=== Begin Enclosure ===

Definition t1 (u v : word) : fpoly2 := [:: (1, (u, v))].
Definition deltaGen (g : gen) : fpoly2 :=
  if g == ga then t1 [:: ga] [:: ga] ++ t1 [:: gb] [:: gc]
  else if g == gb then t1 [:: ga] [:: gb] ++ t1 [:: gb] [:: gd]
  else if g == gc then t1 [:: gc] [:: ga] ++ t1 [:: gd] [:: gc]
  else if g == gd then t1 [:: gc] [:: gb] ++ t1 [:: gd] [:: gd]
  else if g == gdel then t1 [:: gdel] [:: gdel]
  else t1 [:: gdeli] [:: gdeli].
Definition deltaWord (w : word) : fpoly2 :=
  foldr (fun g acc => fmul2 (deltaGen g) acc) (t1 [::] [::]) w.
Definition Delta (p : fpoly) : fpoly2 :=
  flatten [seq fscale2 x.1 (deltaWord x.2) | x <- p].

(* V is a k-subspace of O_nc(GL_2) (a predicate on representatives,
   invariant under equality in O) *)
Definition subspaceO (V : fpoly -> Prop) : Prop :=
  [/\ forall p q, eqO p q -> V p -> V q,
      V [::],
      forall p q, V p -> V q -> V (p ++ q) &
      forall c p, V p -> V (fscale c p)].

(* V is a subcomodule of the regular left comodule (O, Delta):
   Delta(V) ⊆ O ⊗ V *)
Definition subcomodule (V : fpoly -> Prop) : Prop :=
  subspaceO V /\
  forall p, V p -> exists (l : seq (fpoly * fpoly)),
      (forall x, x \in l -> V x.2) /\
      inJ (fsub2 (Delta p) (flatten [seq tens x.1 x.2 | x <- l])).

(* Λ: an element in reduced form δ^{x1} d^{y1} ... δ^{xn} d^{yn}, encoded by
   the sequence [:: (x1,y1); ...; (xn,yn)], n >= 1, x_i ≠ 0 for i >= 2,
   y_i ≠ 0 for i <= n-1. *)
Definition reducedLam (s : seq (int * nat)) : Prop :=
  (0 < size s)%N /\
  forall i, (i < size s)%N ->
    ((0 < i)%N -> (nth (0%:Z, 0%N) s i).1 != 0) /\
    ((i < (size s).-1)%N -> (nth (0%:Z, 0%N) s i).2 != 0%N).

Definition delw (x : int) : word :=
  match x with Posz m => nseq m gdel | Negz m => nseq m.+1 gdeli end.

(* the word δ^{x1} b^{y1'} d^{y1''} ... δ^{xn} b^{yn'} d^{yn''} *)
Definition nablaWord (s : seq (int * nat)) (ys' : seq nat) : word :=
  flatten [seq delw (nth (0%:Z, 0%N) s i).1
               ++ nseq (nth 0%N ys' i) gb
               ++ nseq ((nth (0%:Z, 0%N) s i).2 - nth 0%N ys' i) gd
          | i <- iota 0 (size s)].

Definition inW (s : seq (int * nat)) (w : word) : Prop :=
  exists ys' : seq nat, size ys' = size s /\
    (forall i, (i < size s)%N -> (nth 0%N ys' i <= (nth (0%:Z, 0%N) s i).2)%N) /\
    w = nablaWord s ys'.

(* ∇_I(λ): the span of these words in O_nc(GL_2) *)
Definition inNabla (s : seq (int * nat)) (p : fpoly) : Prop :=
  exists q : fpoly, (forall x, x \in q -> inW s x.2) /\ eqO p q.

Definition hwWord (s : seq (int * nat)) : word :=
  flatten [seq delw x.1 ++ nseq x.2 gd | x <- s].

End Onc.

(* Grade the free algebra by [a, c, δ ↦ 1], [δ^{-1} ↦ -1], [b, d ↦ 0].  The
   relations are homogeneous, so [I] is graded, and [∇_I(λ)] lies in the degree
   [D] of its highest weight vector [h].  For a word [w] of [∇_I(λ)],
   [Δ(w) = Σ w' ⊗ w''] where [w''] turns some [d]s of [w] into [b]s and then
   [deg w' = D + #b(w'')], so [w ⊗ h] is the only summand with [deg w' = D].
   Given a nonzero [v ∈ V], pick a functional [f] supported in degree [D] with
   [f(v) = 1] that kills the finitely many elements of [I] witnessing
   [Δ(v) ∈ O ⊗ V]; then [(f ⊗ id) Δ(v) = h] lies in [V]. *)

From HB Require Import structures.
From mathcomp Require Import all_boot all_order all_algebra zify.
From Stdlib Require Import Classical_Prop.
Set Implicit Arguments. Unset Strict Implicit. Unset Printing Implicit Defensive.
Import GRing.Theory.
Local Open Scope ring_scope.

Section Onc.
Variable k : closedFieldType.
Implicit Types (p q : fpoly k) (w u : word) (f : word -> k) (P Q : fpoly2 k).

Lemma coef_cat p q w : coef (p ++ q) w = coef p w + coef q w.
Proof. by rewrite /coef big_cat. Qed.

Lemma coef_scale c p w : coef (fscale c p) w = c * coef p w.
Proof. by rewrite /coef big_map mulr_sumr. Qed.

Lemma coef_fsub p q w : coef (fsub p q) w = coef p w - coef q w.
Proof. by rewrite /fsub coef_cat coef_scale mulN1r. Qed.

Lemma coef_nil w : coef ([::] : fpoly k) w = 0.
Proof. by rewrite /coef big_nil. Qed.

Lemma coef_fw u w : coef (fw k u) w = (u == w)%:R.
Proof. by rewrite /coef big_cons big_nil /=; case: (u == w); rewrite ?addr0. Qed.

Lemma coef_flatten (L : seq (fpoly k)) w : coef (flatten L) w = \sum_(X <- L) coef X w.
Proof. by rewrite /coef big_flatten. Qed.

Lemma coef_notin q w : w \notin map snd q -> coef q w = 0.
Proof.
move=> Hw; rewrite /coef big1_seq // => x /andP [/eqP Exw Hx].
by move: Hw; rewrite -Exw map_f.
Qed.

Lemma fscale_fmul c (u X : fpoly k) : fscale c (fmul u X) = fmul (fscale c u) X.
Proof.
rewrite /fscale /fmul map_allpairs allpairs_mapl.
by apply: eq_allpairs => x y /=; rewrite mulrA.
Qed.

Lemma inI_nil : inI ([::] : fpoly k).
Proof. by have := @I_gen k (head [::] (rels k)) [::] [::]; apply; rewrite inE eqxx. Qed.

Lemma inI_coef0 q : (forall w, coef q w = 0) -> inI q.
Proof. by move=> H; apply: (I_ext _ inI_nil) => w; rewrite coef_nil H. Qed.

Lemma inI_scale c q : inI q -> inI (fscale c q).
Proof.
elim=> [r u v Hr|p1 q1 _ H1 _ H2|p1 q1 H _ H1].
- by rewrite fscale_fmul; apply: I_gen.
- by rewrite /fscale map_cat; apply: I_add.
- by apply: I_ext H1 => w; rewrite !coef_scale H.
Qed.

Lemma inI_flatten (L : seq (fpoly k)) : {in L, forall X, inI X} -> inI (flatten L).
Proof.
elim: L => [_|X L IH H] /=; first exact: inI_nil.
apply: I_add; first by apply: H; rewrite inE eqxx.
by apply: IH => Y HY; apply: H; rewrite inE HY orbT.
Qed.

Definition fpair f q : k := \sum_(x <- q) x.1 * f x.2.

Definition contract f P : fpoly k := [seq (x.1 * f x.2.1, x.2.2) | x <- P].

Lemma sum_group_by (T : eqType) (L : seq (k * T)) (g : T -> k) (U : seq T) :
  uniq U -> {in L, forall x, x.2 \in U} ->
  \sum_(x <- L) x.1 * g x.2 = \sum_(t <- U) (\sum_(x <- L | x.2 == t) x.1) * g t.
Proof.
move=> uU HU.
transitivity (\sum_(t <- U) \sum_(x <- L) (if x.2 == t then x.1 * g x.2 else 0)).
  rewrite exchange_big; apply: eq_big_seq => x Hx; rewrite -big_mkcond /= -big_filter.
  have -> : [seq t <- U | x.2 == t] = [:: x.2].
    by rewrite -(filter_pred1_uniq uU (HU x Hx)); apply: eq_filter => t; rewrite /= eq_sym.
  by rewrite big_seq1.
apply: eq_bigr => t _; rewrite mulr_suml [RHS]big_mkcond; apply: eq_bigr => x _ /=.
by case: eqP => [->|].
Qed.

Lemma eq_sum_weighted (T : eqType) (L1 L2 : seq (k * T)) (g : T -> k) :
  (forall t, \sum_(x <- L1 | x.2 == t) x.1 = \sum_(x <- L2 | x.2 == t) x.1) ->
  \sum_(x <- L1) x.1 * g x.2 = \sum_(x <- L2) x.1 * g x.2.
Proof.
move=> H; set U := undup (map snd L1 ++ map snd L2).
have uU : uniq U by apply: undup_uniq.
have supp L : {subset L <= L1 ++ L2} -> {in L, forall x, x.2 \in U}.
  by move=> sL x /sL Hx; rewrite mem_undup -map_cat map_f.
rewrite !(sum_group_by g uU); first by apply: eq_bigr => t _; rewrite H.
  by apply: supp => x Hx; rewrite mem_cat Hx orbT.
by apply: supp => x Hx; rewrite mem_cat Hx.
Qed.

Lemma fpair_ext f p q : (forall w, coef p w = coef q w) -> fpair f p = fpair f q.
Proof. exact: eq_sum_weighted. Qed.

Lemma fpair_nil f : fpair f [::] = 0.
Proof. by rewrite /fpair big_nil. Qed.

Lemma fpair_cat f p q : fpair f (p ++ q) = fpair f p + fpair f q.
Proof. by rewrite /fpair big_cat. Qed.

Lemma fpair_scale f c p : fpair f (fscale c p) = c * fpair f p.
Proof. by rewrite /fpair big_map mulr_sumr; apply: eq_bigr => x _ /=; rewrite mulrA. Qed.

Lemma fpair_subr f g c q : fpair (fun u => f u - c * g u) q = fpair f q - c * fpair g q.
Proof. by rewrite /fpair mulr_sumr -sumrB; apply: eq_bigr => x _; rewrite mulrBr mulrCA. Qed.

Lemma coef_contract f P o : coef (contract f P) o = \sum_(x <- P | x.2.2 == o) x.1 * f x.2.1.
Proof. by rewrite /coef /contract big_map. Qed.

Lemma contract_ext f P Q : (forall uv, coef2 P uv = coef2 Q uv) ->
  forall o, coef (contract f P) o = coef (contract f Q) o.
Proof.
move=> H o; rewrite !coef_contract.
pose g (uv : word * word) := if uv.2 == o then f uv.1 else 0.
have E R : \sum_(x <- R | x.2.2 == o) x.1 * f x.2.1 = \sum_(x <- R) x.1 * g x.2.
  by rewrite big_mkcond; apply: eq_bigr => x _; rewrite /g; case: eqP; rewrite ?mulr0.
by rewrite !E; apply: eq_sum_weighted.
Qed.

Lemma coef_contract_tens f p q o : coef (contract f (tens p q)) o = fpair f p * coef q o.
Proof.
rewrite coef_contract /tens big_mkcond big_allpairs_dep /fpair mulr_suml.
apply: eq_bigr => x _; rewrite /coef mulr_sumr [RHS]big_mkcond; apply: eq_bigr => y _ /=.
by case: eqP; rewrite ?mulr0 // mulrAC.
Qed.

Lemma contract_cat f P Q : contract f (P ++ Q) = contract f P ++ contract f Q.
Proof. exact: map_cat. Qed.

Lemma contract_scale f c P : contract f (fscale2 c P) = fscale c (contract f P).
Proof. by rewrite /contract /fscale2 /fscale -!map_comp; apply: eq_map => x /=; rewrite mulrA. Qed.

Lemma contract_flatten f (L : seq (fpoly2 k)) :
  contract f (flatten L) = flatten (map (contract f) L).
Proof. exact: map_flatten. Qed.

Lemma inJ_contract P : inJ P -> exists Ls : seq (fpoly k), {in Ls, forall q, inI q} /\
  forall f, {in Ls, forall q, fpair f q = 0} -> inI (contract f P).
Proof.
elim=> [p q Hp|p q Hq|P1 Q1 _ [L1 [H1 H1']] _ [L2 [H2 H2']]|P1 Q1 HPQ _ [L1 [H1 H1']]].
- exists [:: p]; split=> [q'|f Hf]; first by rewrite inE => /eqP ->.
  by apply: inI_coef0 => o; rewrite coef_contract_tens Hf ?mul0r ?mem_head.
- exists [::]; split=> // f _; apply: I_ext (inI_scale (fpair f p) Hq) => o.
  by rewrite coef_contract_tens coef_scale.
- exists (L1 ++ L2); split=> [q|f Hf].
    by rewrite mem_cat => /orP[]; [apply: H1|apply: H2].
  rewrite contract_cat; apply: I_add; [apply: H1'|apply: H2'] => q Hq;
    by apply: Hf; rewrite mem_cat Hq ?orbT.
- exists L1; split=> // f Hf; apply: I_ext (H1' f Hf); exact: contract_ext.
Qed.

(* Generators are indexed [a, b, c, d, δ, δ^{-1}] = [0, ..., 5]. *)
Definition gdeg (g : gen) : int :=
  if (val g == 0%N) || (val g == 2%N) || (val g == 4%N) then 1
  else if val g == 5%N then -1 else 0.

Definition wdeg w : int := foldr (fun g acc => gdeg g + acc) 0 w.

Lemma wdeg_cat u v : wdeg (u ++ v) = wdeg u + wdeg v.
Proof. by elim: u => [|g u IH] /=; rewrite ?add0r // IH addrA. Qed.

Definition homog_part (D : int) q : fpoly k := [seq x <- q | wdeg x.2 == D].

Lemma coef_homog_part D q w :
  coef (homog_part D q) w = if wdeg w == D then coef q w else 0.
Proof.
rewrite /coef /homog_part big_filter_cond; case: eqP => Hw.
  by apply: eq_bigl => x; case: (x.2 =P w) => [->|]; rewrite ?Hw ?eqxx ?andbF.
apply: big_pred0 => x; case: (x.2 =P w) => [->|]; last by rewrite andbF.
by rewrite andbT; apply/negbTE/eqP.
Qed.

Lemma rels_homog r x : r \in rels k -> x \in r -> wdeg x.2 = wdeg (head (0, [::]) r).2.
Proof.
have /allP homog : all (fun r => all (fun x => wdeg x.2 == wdeg (head (0, [::]) r).2) r)
                       (rels k) by [].
by move=> /homog /allP hr /hr /eqP.
Qed.

Lemma coef_fmul3 (u r v : fpoly k) w :
  coef (fmul u (fmul r v)) w = \sum_(x <- u) \sum_(z <- r) \sum_(y <- v)
     (if x.2 ++ (z.2 ++ y.2) == w then x.1 * (z.1 * y.1) else 0).
Proof.
rewrite /coef big_mkcond /fmul big_allpairs_dep; apply: eq_bigr => x _.
by rewrite big_allpairs_dep.
Qed.

(* [u r v] has homogeneous part [Σ_x x (r (v)_{D - deg x - deg r})]. *)
Lemma inI_homog_gen r (u v : fpoly k) D : r \in rels k -> inI (homog_part D (fmul u (fmul r v))).
Proof.
move=> Hr; set e := wdeg (head (0, [::]) r).2.
pose vpart (x : k * word) := homog_part (D - wdeg x.2 - e) v.
apply: (@I_ext _ (flatten [seq fmul [:: x] (fmul r (vpart x)) | x <- u])); last first.
  by apply: inI_flatten => X /mapP [x _ ->]; apply: I_gen.
move=> w; rewrite coef_flatten big_map coef_homog_part coef_fmul3.
have E x : coef (fmul [:: x] (fmul r (vpart x))) w =
    \sum_(z <- r) \sum_(y <- v) (if wdeg y.2 == D - wdeg x.2 - e then
       (if x.2 ++ (z.2 ++ y.2) == w then x.1 * (z.1 * y.1) else 0) else 0).
  by rewrite coef_fmul3 big_seq1; apply: eq_bigr => z _; rewrite big_filter big_mkcond.
under eq_bigr => x _ do rewrite E.
have degz z : z \in r -> wdeg z.2 = e by move=> Hz; rewrite (rels_homog Hr Hz).
case: eqP => Hw.
  apply: eq_bigr => x _; rewrite big_seq [RHS]big_seq; apply: eq_bigr => z Hz.
  apply: eq_bigr => y _; case: (_ =P w) => [Hxw|]; last by case: ifP.
  suff -> : wdeg y.2 == D - wdeg x.2 - e by [].
  by apply/eqP; move: Hw (degz z Hz); rewrite -Hxw !wdeg_cat; lia.
rewrite big1 // => x _; rewrite big_seq big1 // => z Hz; rewrite big1 // => y _.
case: (wdeg y.2 =P _) => // Hy; case: (_ =P w) => // Hxw; exfalso; apply: Hw.
by move: (degz z Hz) Hy; rewrite -Hxw !wdeg_cat; clearbody e; lia.
Qed.

Lemma inI_homog_part q D : inI q -> inI (homog_part D q).
Proof.
move=> Iq; elim: Iq D => [r u v Hr|p1 q1 _ H1 _ H2|p1 q1 H _ H1] D.
- exact: inI_homog_gen.
- by rewrite /homog_part filter_cat; apply: I_add; [apply: H1|apply: H2].
- by apply: I_ext (H1 D) => w; rewrite !coef_homog_part H.
Qed.

Inductive inSpan (Ms : seq (fpoly k)) : fpoly k -> Prop :=
| span_nil : inSpan Ms [::]
| span_add m c q : m \in Ms -> inSpan Ms q -> inSpan Ms (fscale c m ++ q)
| span_ext p q : (forall w, coef p w = coef q w) -> inSpan Ms p -> inSpan Ms q.

Lemma inSpan_inI Ms q : {in Ms, forall m, inI m} -> inSpan Ms q -> inI q.
Proof.
move=> IMs; elim=> [|m c q' Hm _ IH|p q' H _ IH]; first exact: inI_nil.
- by apply: I_add IH; apply/inI_scale/IMs.
- exact: I_ext IH.
Qed.

Lemma inSpan_fpair f Ms q : {in Ms, forall m, fpair f m = 0} -> inSpan Ms q -> fpair f q = 0.
Proof.
move=> fMs; elim=> [|m c q' Hm _ IH|p q' H _ IH]; first exact: fpair_nil.
- by rewrite fpair_cat fpair_scale fMs // IH mulr0 addr0.
- by rewrite -(fpair_ext f H).
Qed.

Lemma inSpan_cons m Ms q : inSpan Ms q -> inSpan (m :: Ms) q.
Proof.
elim=> [|m' c q' Hm _ IH|p q' H _ IH]; first exact: span_nil.
- by apply: span_add IH; rewrite inE Hm orbT.
- exact: span_ext IH.
Qed.

Definition supported (Pw : pred word) q := forall x, x \in q -> Pw x.2.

=== End Enclosure ===

### Task
Transcribe each line of the data above, unaltered, from the one where "rewrite exchange_big; apply: eq_big_seq" appears to the one where "Lemma eq_sum_weighted (T" appears, inclusive of both.

### Answer box
  rewrite exchange_big; apply: eq_big_seq => x Hx; rewrite -big_mkcond /= -big_filter.
  have -> : [seq t <- U | x.2 == t] = [:: x.2].
    by rewrite -(filter_pred1_uniq uU (HU x Hx)); apply: eq_filter => t; rewrite /= eq_sym.
  by rewrite big_seq1.
apply: eq_bigr => t _; rewrite mulr_suml [RHS]big_mkcond; apply: eq_bigr => x _ /=.
by case: eqP => [->|].
Qed.

Lemma eq_sum_weighted (T : eqType) (L1 L2 : seq (k * T)) (g : T -> k) :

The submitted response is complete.